*** THE RECORDS Section Begins ***
Lemma impl_class_apex s :
  In s S -> ~ covers s ->
  forall g, in_impl_class V E (b, s) g -> apex (fst g) /\ reach s (snd g).
Proof.
  intros Hs Ncov; apply in_impl_class_ind; [split; [split; auto | apply rt_refl] |].
  intros g h Hg [[Wg Eg] Rg] Hgh.
  assert (Hh : in_impl_class V E (b, s) h) by (eapply in_impl_class_step; eauto).
  assert (Wg2 : W (snd g)) by (apply (reach_span s); auto; now apply simplex_span).
  destruct Hgh as (_ & Eh & [[Hfst Hn] | [Hsnd Hn]]).
  - rewrite <- Hfst; split; [split; auto |].
    destruct (classic (W (snd h))) as [Wh | Wh].
    + apply rt_trans with (snd g); auto; apply rt_step; auto.
    + exfalso; apply Ncov; intros w Hw.
      assert (Nw : ~ E (snd h) w).
      { intros Ew; apply Hn, E_sym, (outside_adj_span (snd h) w); auto. }
      exists (fst h, w); split; [| right; reflexivity].
      exists b, s; repeat split; simpl; auto.
      * intros ->; now apply b_outside, simplex_span.
      * left; apply in_impl_class_step with h; auto.
        split; [exact Eh | split; [simpl; rewrite <- Hfst; auto | left; simpl; auto]].
  - rewrite <- Hsnd; split; auto.
    assert (Wh : ~ W (fst h)) by (intros Wh; now apply Hn, Eg).
    split; auto; intros w Hw.
    apply (outside_adj_span (fst h) (snd g)); auto; now rewrite Hsnd.
Qed.

Lemma impl_class_apex_extension y u w :
  In y S -> (forall s, In s S -> ~ covers s) ->
  In u (b :: S) -> In w (b :: S) -> u <> w ->
  in_impl_class V E (b, y) (u, w) -> u = b /\ w = y.
Proof.
  intros Hy Ncov Hu Hw Huw Hc.
  destruct (impl_class_apex y Hy (Ncov y Hy) _ Hc) as [[Wu _] Ryw]; simpl in *.
  assert (u = b) as ->.
  { destruct Hu as [<- | Hu]; auto; exfalso; apply Wu; now apply simplex_span. }
  split; auto; destruct Hw as [<- | Hw]; [contradiction |].
  apply NNPP; intros Nyw; apply (Ncov y Hy).
  apply reach_covers; auto.
  apply reach_simplex_span, (reach_simplex y w); auto.
Qed.

Lemma simplex_extension : (forall s, In s S -> ~ covers s) -> simplex V E (b :: S).
Proof.
  intros Ncov; destruct S_simplex as (Hlen & Hnd & Hcl & Hcol).
  assert (Sb : forall x, In x S -> x <> b) by (intros x Hx ->; now apply b_outside, simplex_span).
  assert (HbS : forall x, In x S -> E b x) by (intros; now apply b_adj, simplex_span).
  split; [simpl; auto | split; [constructor; auto; intros Hb; now apply (Sb b) | split]].
  - intros x y [<- | Hx] [<- | Hy] Hxy; auto; contradiction.
  - assert (Hbc : forall y u w, In y S -> In u (b :: S) -> In w (b :: S) -> u <> w ->
              in_color_class V E (b, y) (u, w) -> (b = u /\ y = w) \/ (b = w /\ y = u)).
    { intros y u w Hy Hu Hw Huw [Hc | Hc].
      - left; destruct (impl_class_apex_extension y u w); auto.
      - right; destruct (impl_class_apex_extension y w u); auto. }
    intros x y u w [<- | Hx] [<- | Hy] Hu Hw Hxy Huw Hc; [contradiction | auto | |].
    + apply (in_color_class_rev_l V E E_sym (b, x)) in Hc.
      destruct (Hbc x u w); tauto.
    + assert (Hm : multiplex_of V E S (u, w)) by (exists x, y; repeat split; auto).
      destruct (multiplex_span _ Hm) as [Wu Ww]; simpl in *.
      destruct Hu as [<- | Hu]; [contradiction |].
      destruct Hw as [<- | Hw]; [contradiction |].
      auto.
Qed.

Lemma apex_simplex_exists :
  exists T, simplex V E T /\ In b T /\ forall v, W v -> span V (multiplex_of V E T) v.
Proof.
  destruct (classic (exists s, In s S /\ covers s)) as [(s & Hs & Hcov) | Ncov].
  - exists [b; s]; split; [| split; [simpl; auto | exact Hcov]].
    apply (simplex_pair V E E_sym); [intros <-; apply b_outside | apply b_adj];
      now apply simplex_span.
  - exists (b :: S); split; [| split; [simpl; auto |]].
    + apply simplex_extension; eauto.
    + intros v (f & Hf & Hv); exists f; split; auto.
      apply (multiplex_of_incl V E S); auto; apply incl_tl, incl_refl.
Qed.

End Apex.

Lemma span_apex_exists :
  connected V E -> ~ (forall v, W v) ->
  exists b, ~ W b /\ forall w, W w -> E b w.
Proof.
  intros Hconn Hnot.
  destruct (not_all_ex_not _ _ Hnot) as [v Hv].
  assert (Hx : exists x, In x S).
  { destruct S_simplex as (Hlen & _); destruct S as [| x S']; [inversion Hlen |].
    exists x; simpl; auto. }
  destruct Hx as [x Hx].
  assert (Wx : W x) by now apply simplex_span.
  destruct (clos_refl_trans_crossing V E W x v (Hconn x v) Wx Hv) as (a & b & Wa & Wb & Eab).
  exists b; split; auto; intros w Hw; apply (outside_adj_span b a); auto.
Qed.

End SimplexSpan.

Theorem lemma4p9 (V : Type) (E : V -> V -> Prop)
  (Hund : undirected V E) (Hconn : connected V E) :
  ~ (exists M : V * V -> Prop,
       is_multiplex V E M /\
       ~ (forall v, span V M v) /\
       (forall N : V * V -> Prop, is_multiplex V E N ->
          (forall v, span V M v -> span V N v) ->
          (forall v, span V N v -> span V M v))).
Proof.
  destruct Hund as [_ E_sym].
  intros (M & (S & HS & HM) & Hnot & Hmax).
  pose proof (fun v => span_ext V M (multiplex_of V E S) v HM) as HWM.
  assert (HnotW : ~ (forall v, span V (multiplex_of V E S) v))
    by (intros Hall; apply Hnot; intros v; apply HWM, Hall).
  destruct (span_apex_exists V E E_sym S HS Hconn HnotW) as (b & Hb & Hadj).
  destruct (apex_simplex_exists V E E_sym S HS b Hb Hadj) as (T & HT & HbT & HWT).
  apply Hb, HWM, (Hmax (multiplex_of V E T)).
  - exists T; split; [exact HT | reflexivity].
  - intros v Hv; apply HWT, HWM, Hv.
  - now apply simplex_span.
Qed.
*** THE RECORDS Section Ends ***
» AIM OF THE TASK: The listing is to be retyped in full, exactly as shown.

» SOLUTION TO THE EXERCISE:
Lemma impl_class_apex s :
  In s S -> ~ covers s ->
  forall g, in_impl_class V E (b, s) g -> apex (fst g) /\ reach s (snd g).
Proof.
  intros Hs Ncov; apply in_impl_class_ind; [split; [split; auto | apply rt_refl] |].
  intros g h Hg [[Wg Eg] Rg] Hgh.
  assert (Hh : in_impl_class V E (b, s) h) by (eapply in_impl_class_step; eauto).
  assert (Wg2 : W (snd g)) by (apply (reach_span s); auto; now apply simplex_span).
  destruct Hgh as (_ & Eh & [[Hfst Hn] | [Hsnd Hn]]).
  - rewrite <- Hfst; split; [split; auto |].
    destruct (classic (W (snd h))) as [Wh | Wh].
    + apply rt_trans with (snd g); auto; apply rt_step; auto.
    + exfalso; apply Ncov; intros w Hw.
      assert (Nw : ~ E (snd h) w).
      { intros Ew; apply Hn, E_sym, (outside_adj_span (snd h) w); auto. }
      exists (fst h, w); split; [| right; reflexivity].
      exists b, s; repeat split; simpl; auto.
      * intros ->; now apply b_outside, simplex_span.
      * left; apply in_impl_class_step with h; auto.
        split; [exact Eh | split; [simpl; rewrite <- Hfst; auto | left; simpl; auto]].
  - rewrite <- Hsnd; split; auto.
    assert (Wh : ~ W (fst h)) by (intros Wh; now apply Hn, Eg).
    split; auto; intros w Hw.
    apply (outside_adj_span (fst h) (snd g)); auto; now rewrite Hsnd.
Qed.

Lemma impl_class_apex_extension y u w :
  In y S -> (forall s, In s S -> ~ covers s) ->
  In u (b :: S) -> In w (b :: S) -> u <> w ->
  in_impl_class V E (b, y) (u, w) -> u = b /\ w = y.
Proof.
  intros Hy Ncov Hu Hw Huw Hc.
  destruct (impl_class_apex y Hy (Ncov y Hy) _ Hc) as [[Wu _] Ryw]; simpl in *.
  assert (u = b) as ->.
  { destruct Hu as [<- | Hu]; auto; exfalso; apply Wu; now apply simplex_span. }
  split; auto; destruct Hw as [<- | Hw]; [contradiction |].
  apply NNPP; intros Nyw; apply (Ncov y Hy).
  apply reach_covers; auto.
  apply reach_simplex_span, (reach_simplex y w); auto.
Qed.

Lemma simplex_extension : (forall s, In s S -> ~ covers s) -> simplex V E (b :: S).
Proof.
  intros Ncov; destruct S_simplex as (Hlen & Hnd & Hcl & Hcol).
  assert (Sb : forall x, In x S -> x <> b) by (intros x Hx ->; now apply b_outside, simplex_span).
  assert (HbS : forall x, In x S -> E b x) by (intros; now apply b_adj, simplex_span).
  split; [simpl; auto | split; [constructor; auto; intros Hb; now apply (Sb b) | split]].
  - intros x y [<- | Hx] [<- | Hy] Hxy; auto; contradiction.
  - assert (Hbc : forall y u w, In y S -> In u (b :: S) -> In w (b :: S) -> u <> w ->
              in_color_class V E (b, y) (u, w) -> (b = u /\ y = w) \/ (b = w /\ y = u)).
    { intros y u w Hy Hu Hw Huw [Hc | Hc].
      - left; destruct (impl_class_apex_extension y u w); auto.
      - right; destruct (impl_class_apex_extension y w u); auto. }
    intros x y u w [<- | Hx] [<- | Hy] Hu Hw Hxy Huw Hc; [contradiction | auto | |].
    + apply (in_color_class_rev_l V E E_sym (b, x)) in Hc.
      destruct (Hbc x u w); tauto.
    + assert (Hm : multiplex_of V E S (u, w)) by (exists x, y; repeat split; auto).
      destruct (multiplex_span _ Hm) as [Wu Ww]; simpl in *.
      destruct Hu as [<- | Hu]; [contradiction |].
      destruct Hw as [<- | Hw]; [contradiction |].
      auto.
Qed.

Lemma apex_simplex_exists :
  exists T, simplex V E T /\ In b T /\ forall v, W v -> span V (multiplex_of V E T) v.
Proof.
  destruct (classic (exists s, In s S /\ covers s)) as [(s & Hs & Hcov) | Ncov].
  - exists [b; s]; split; [| split; [simpl; auto | exact Hcov]].
    apply (simplex_pair V E E_sym); [intros <-; apply b_outside | apply b_adj];
      now apply simplex_span.
  - exists (b :: S); split; [| split; [simpl; auto |]].
    + apply simplex_extension; eauto.
    + intros v (f & Hf & Hv); exists f; split; auto.
      apply (multiplex_of_incl V E S); auto; apply incl_tl, incl_refl.
Qed.

End Apex.

Lemma span_apex_exists :
  connected V E -> ~ (forall v, W v) ->
  exists b, ~ W b /\ forall w, W w -> E b w.
Proof.
  intros Hconn Hnot.
  destruct (not_all_ex_not _ _ Hnot) as [v Hv].
  assert (Hx : exists x, In x S).
  { destruct S_simplex as (Hlen & _); destruct S as [| x S']; [inversion Hlen |].
    exists x; simpl; auto. }
  destruct Hx as [x Hx].
  assert (Wx : W x) by now apply simplex_span.
  destruct (clos_refl_trans_crossing V E W x v (Hconn x v) Wx Hv) as (a & b & Wa & Wb & Eab).
  exists b; split; auto; intros w Hw; apply (outside_adj_span b a); auto.
Qed.

End SimplexSpan.

Theorem lemma4p9 (V : Type) (E : V -> V -> Prop)
  (Hund : undirected V E) (Hconn : connected V E) :
  ~ (exists M : V * V -> Prop,
       is_multiplex V E M /\
       ~ (forall v, span V M v) /\
       (forall N : V * V -> Prop, is_multiplex V E N ->
          (forall v, span V M v -> span V N v) ->
          (forall v, span V N v -> span V M v))).
Proof.
  destruct Hund as [_ E_sym].
  intros (M & (S & HS & HM) & Hnot & Hmax).
  pose proof (fun v => span_ext V M (multiplex_of V E S) v HM) as HWM.
  assert (HnotW : ~ (forall v, span V (multiplex_of V E S) v))
    by (intros Hall; apply Hnot; intros v; apply HWM, Hall).
  destruct (span_apex_exists V E E_sym S HS Hconn HnotW) as (b & Hb & Hadj).
  destruct (apex_simplex_exists V E E_sym S HS b Hb Hadj) as (T & HT & HbT & HWT).
  apply Hb, HWM, (Hmax (multiplex_of V E T)).
  - exists T; split; [exact HT | reflexivity].
  - intros v Hv; apply HWT, HWM, Hv.
  - now apply simplex_span.
Qed.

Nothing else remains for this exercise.